Abstract

Well before the sequencing of the human genome in 2003, family and twin studies had established that psychiatric disorders are both familial and heritable. But identifying the genes involved has been a formidable challenge. At the same time, there has been an urgent need to unlock the biological basis of psychiatric disorders. While psychotropic drugs are helpful for many and life-saving for some, there is a striking fact about available drug therapies: they are all based on serendipitous discoveries and biological insights that date to the 1950s and 1960s. When it comes to treating psychiatric disorders, we are still living in the “Mad Men” era. Lithium has been the gold standard treatment for bipolar disorder ever since John Cade reported its mood stabilizing effects in 1949. All current antipsychotic medications target the D2 dopamine receptor, just as the first medicines in this class did in the 1950s. Antidepressants have relied on variations of the monoamine hypothesis that was articulated in the mid-1960s. The shortcomings of available psychotropics are well-known. The results of large-scale effectiveness studies of mood and psychotic disorders (STAR*D, CATIE, and STEP-BD) are sobering: roughly 30% of depressed patients treated for 14 weeks with an SSRI achieved remission [1];25% of patients with schizophrenia remained on their initial medication by 18 months [2]; and 50% of bipolar patients who achieved recovery from a mood episode relapsed within two years despite best-practice treatment. [3] A major hope hanging on genetic studies has been that they can break this therapeutic impasse, There are three main avenues by which genetic research may inform efforts towards personalized medicine.

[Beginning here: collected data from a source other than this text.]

From HB Require Import structures.
From mathcomp Require Import all_boot all_order all_algebra.
From mathcomp Require Import zify ring.
Import Order.TTheory GRing.Theory Num.Theory.
Set Implicit Arguments.
Unset Strict Implicit.
Unset Printing Implicit Defensive.
Local Open Scope ring_scope.

(* Write g_{jk} := H^{(j)} H^{(k)} and let P replace each power z^t, t >= 0, of a
   Laurent series by H^{(t)}.  Expanding g_{jk} shows that the flows are of Lax type,
     dH^{(k)}/dt_j = P(g_{jk}) - g_{jk},
   so the right-hand side has only negative powers of z and is symmetric in j, k; on
   Z_n this reads P(g_{nk}) = g_{nk}.  Symmetry gives (ii), and (i) with (ii) gives (iii).
   For (i), differentiate X_n(H)^{(k)} = (P - 1) g_{nk} along X_j.  Since dH^{(n)}/dt_j
   vanishes on Z_n, the derivative is
     sum_t (g_{nk})_t dH^{(t)}/dt_j + (P - 1)(H^{(n)} dH^{(k)}/dt_j).
   Inserting the Lax form and P(g_{nk}) = g_{nk}, the first term becomes
   (P - 1)(H^{(j)} H^{(n)} H^{(k)}) and the second one becomes
   sum_t (g_{jk})_t X_n(H)^{(t)} - (P - 1)(H^{(n)} H^{(j)} H^{(k)}), so everything
   cancels on Z_n.  Products of Laurent series are computed as polynomial products in
   w = z^{-1}, and derivatives as eps-coefficients over R[eps] = {poly R}. *)

Section CoefficientSums.
Variable S : nzSemiRingType.
Implicit Types p q : {poly S}.

Lemma eq_coefM p p' q q' d :
    (forall i, (i <= d)%N -> p`_i = p'`_i) -> (forall i, (i <= d)%N -> q`_i = q'`_i) ->
  (p * q)`_d = (p' * q')`_d.
Proof.
move=> epp' eqq'; rewrite !coefM; apply: eq_bigr => i _.
by rewrite epp' ?eqq' ?leq_subr // -ltnS.
Qed.

Lemma coef1M p q : (p * q)`_1 = p`_0 * q`_1 + p`_1 * q`_0.
Proof. by rewrite coefM big_ord_recr big_ord1 /= addrC. Qed.

Lemma sum_natr_eq B a (F : nat -> S) :
  (a < B)%N -> \sum_(t < B) (t == a :> nat)%:R * F t = F a.
Proof.
move=> ltaB; rewrite (bigD1 (Ordinal ltaB)) //= eqxx mul1r big1 ?addr0 // => t /eqP neq.
by case: eqP => [eqta | _]; [case: neq; apply: val_inj | rewrite mul0r].
Qed.

Lemma sum_if_lt B k (c F : nat -> S) : c 0%N = 0 -> (k < B)%N ->
  \sum_(t < B) (if (k < t)%N then 0 else c (k - t)%N) * F t
  = \sum_(1 <= l < k.+1) c l * F (k - l)%N.
Proof.
move=> c0 ltkB; transitivity (\sum_(t < k.+1) c (k - t)%N * F t).
  have /= -> := big_ord_widen B (fun t => c (k - t)%N * F t) ltkB.
  rewrite [RHS]big_mkcond; apply: eq_bigr => t _.
  by rewrite ltnS; case: leqP; rewrite ?mul0r.
rewrite big_ord_recr /= subnn c0 mul0r addr0 big_add1 big_mkord.
rewrite (reindex_inj rev_ord_inj); apply: eq_bigr => t _ /=.
by congr (c _ * _); have := ltn_ord t; lia.
Qed.
End CoefficientSums.

Section LaurentProduct.
Variable S : comNzRingType.
Implicit Types f g h : int -> S.

(* [lpoly N T f] is z^{-N} f written in w = z^{-1}, truncated to degree < T. *)
Definition lpoly (N T : nat) f : {poly S} := \poly_(i < T) f (N%:Z - i%:Z).

Definition ldeg_le f (N : nat) := forall y, N%:Z < y -> f y = 0.

Lemma lmul_out N M f g x : (N + M)%N%:Z < x -> lmul N M f g x = 0.
Proof. by move=> hx; rewrite /lmul ifF ?big_ord0 //; apply/negbTE; rewrite -ltNge. Qed.

Lemma ldeg_lmul N M f g : ldeg_le (lmul N M f g) (N + M).
Proof. exact: lmul_out. Qed.

Lemma lmul_lpoly N M f g T d : (d < T)%N ->
  lmul N M f g ((N + M)%N%:Z - d%:Z) = (lpoly N T f * lpoly M T g)`_d.
Proof.
move=> ltdT; rewrite /lmul coefM.
have -> : ((N + M)%N%:Z - d%:Z <= (N + M)%N%:Z) = true by lia.
have -> : absz ((N + M)%N%:Z - ((N + M)%N%:Z - d%:Z))%R = d by lia.
rewrite (reindex_inj rev_ord_inj) /=; apply: eq_bigr => i _.
have ltid := ltn_ord i; rewrite !coef_poly subSS.
have -> : (i < T)%N by lia.
have -> : (d - i < T)%N by lia.
by congr (f _ * g _); lia.
Qed.

Lemma lmulC N M f g x : lmul N M f g x = lmul M N g f x.
Proof.
case: (lerP x (N + M)%N%:Z) => hx; last by rewrite !lmul_out // addnC.
set d := absz ((N + M)%N%:Z - x)%R; have -> : x = (N + M)%N%:Z - d%:Z by lia.
by rewrite [in RHS]addnC !(@lmul_lpoly _ _ _ _ d.+1) // mulrC.
Qed.

Lemma coef_lpoly_lmul N M f g T i : (i < T)%N ->
  (lpoly (N + M) T (lmul N M f g))`_i = (lpoly N T f * lpoly M T g)`_i.
Proof. by move=> ltiT; rewrite coef_poly ltiT (lmul_lpoly N M f g ltiT). Qed.

Lemma lmulA N M K f g h x :
  lmul (N + M) K (lmul N M f g) h x = lmul N (M + K) f (lmul M K g h) x.
Proof.
case: (lerP x (N + M + K)%N%:Z) => hx; last by rewrite !lmul_out // addnA.
set d := absz ((N + M + K)%N%:Z - x)%R.
have -> : x = (N + M + K)%N%:Z - d%:Z by lia.
rewrite (@lmul_lpoly _ _ _ _ d.+1) // -addnA (@lmul_lpoly _ _ _ _ d.+1) //.
transitivity ((lpoly N d.+1 f * lpoly M d.+1 g * lpoly K d.+1 h)`_d).
  by apply: eq_coefM => // i hi; rewrite coef_lpoly_lmul.
by rewrite -mulrA; apply: eq_coefM => // i hi; rewrite coef_lpoly_lmul.
Qed.

Lemma lmul_widenr N M M' f g x :
  ldeg_le g M -> (M <= M')%N -> lmul N M' f g x = lmul N M f g x.
Proof.
move=> degg leMM'; set s := (M' - M)%N.
case: (lerP x (N + M')%N%:Z) => hx; last by rewrite !lmul_out //; lia.
set d := absz ((N + M')%N%:Z - x)%R; have -> : x = (N + M')%N%:Z - d%:Z by lia.
rewrite (@lmul_lpoly _ _ _ _ d.+1) // (eq_coefM (p' := lpoly N d.+1 f) (q' := lpoly M d.+1 g * 'X^s)) //.
  rewrite mulrA coefMXn; case: ltnP => [ltds|leds]; first by rewrite lmul_out //; lia.
  have -> : (N + M')%N%:Z - d%:Z = (N + M)%N%:Z - (d - s)%N%:Z by lia.
  by rewrite (@lmul_lpoly _ _ _ _ d.+1) //; lia.
move=> i lei; rewrite coefMXn !coef_poly.
have -> : (i < d.+1)%N by lia.
case: ltnP => [ltis|leis]; first by rewrite degg //; lia.
have -> : (i - s < d.+1)%N by lia.
by congr g; lia.
Qed.

Lemma eq_lmul N M f f' g g' x :
  f =1 f' -> g =1 g' -> lmul N M f g x = lmul N M f' g' x.
Proof. by move=> eqf eqg; apply: eq_bigr => i _; rewrite eqf eqg. Qed.

Lemma lmul_sumr N M f T (c : nat -> S) (F : nat -> int -> S) x :
  lmul N M f (fun y => \sum_(t < T) c t * F t y) x = \sum_(t < T) c t * lmul N M f (F t) x.
Proof.
rewrite /lmul; under eq_bigr do rewrite mulr_sumr.
rewrite exchange_big /=; apply: eq_bigr => t _; rewrite mulr_sumr.
by apply: eq_bigr => i _; rewrite mulrCA.
Qed.

Lemma lmulBr N M f g g' x :
  lmul N M f (fun y => g y - g' y) x = lmul N M f g x - lmul N M f g' x.
Proof. by rewrite /lmul -sumrB; apply: eq_bigr => i _; rewrite mulrBr. Qed.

First, by identifying DNA variants associated with risk of disease, genetic studies may point us toward new treatment targets. The discovery that a specific gene or set of genes confers risk for illness raises the possibility that drugs that target that gene (or genes) may have therapeutic effects. Second, genetic studies may clarify diagnostic boundaries in ways that could inform treatment selection or identify etiologically-related subgroups that might preferentially benefit from a given treatment. And third, pharmacogenetic studies may yield genetic profiles that predict response to available treatments. The following sections address each of these avenues and the state of the science to date.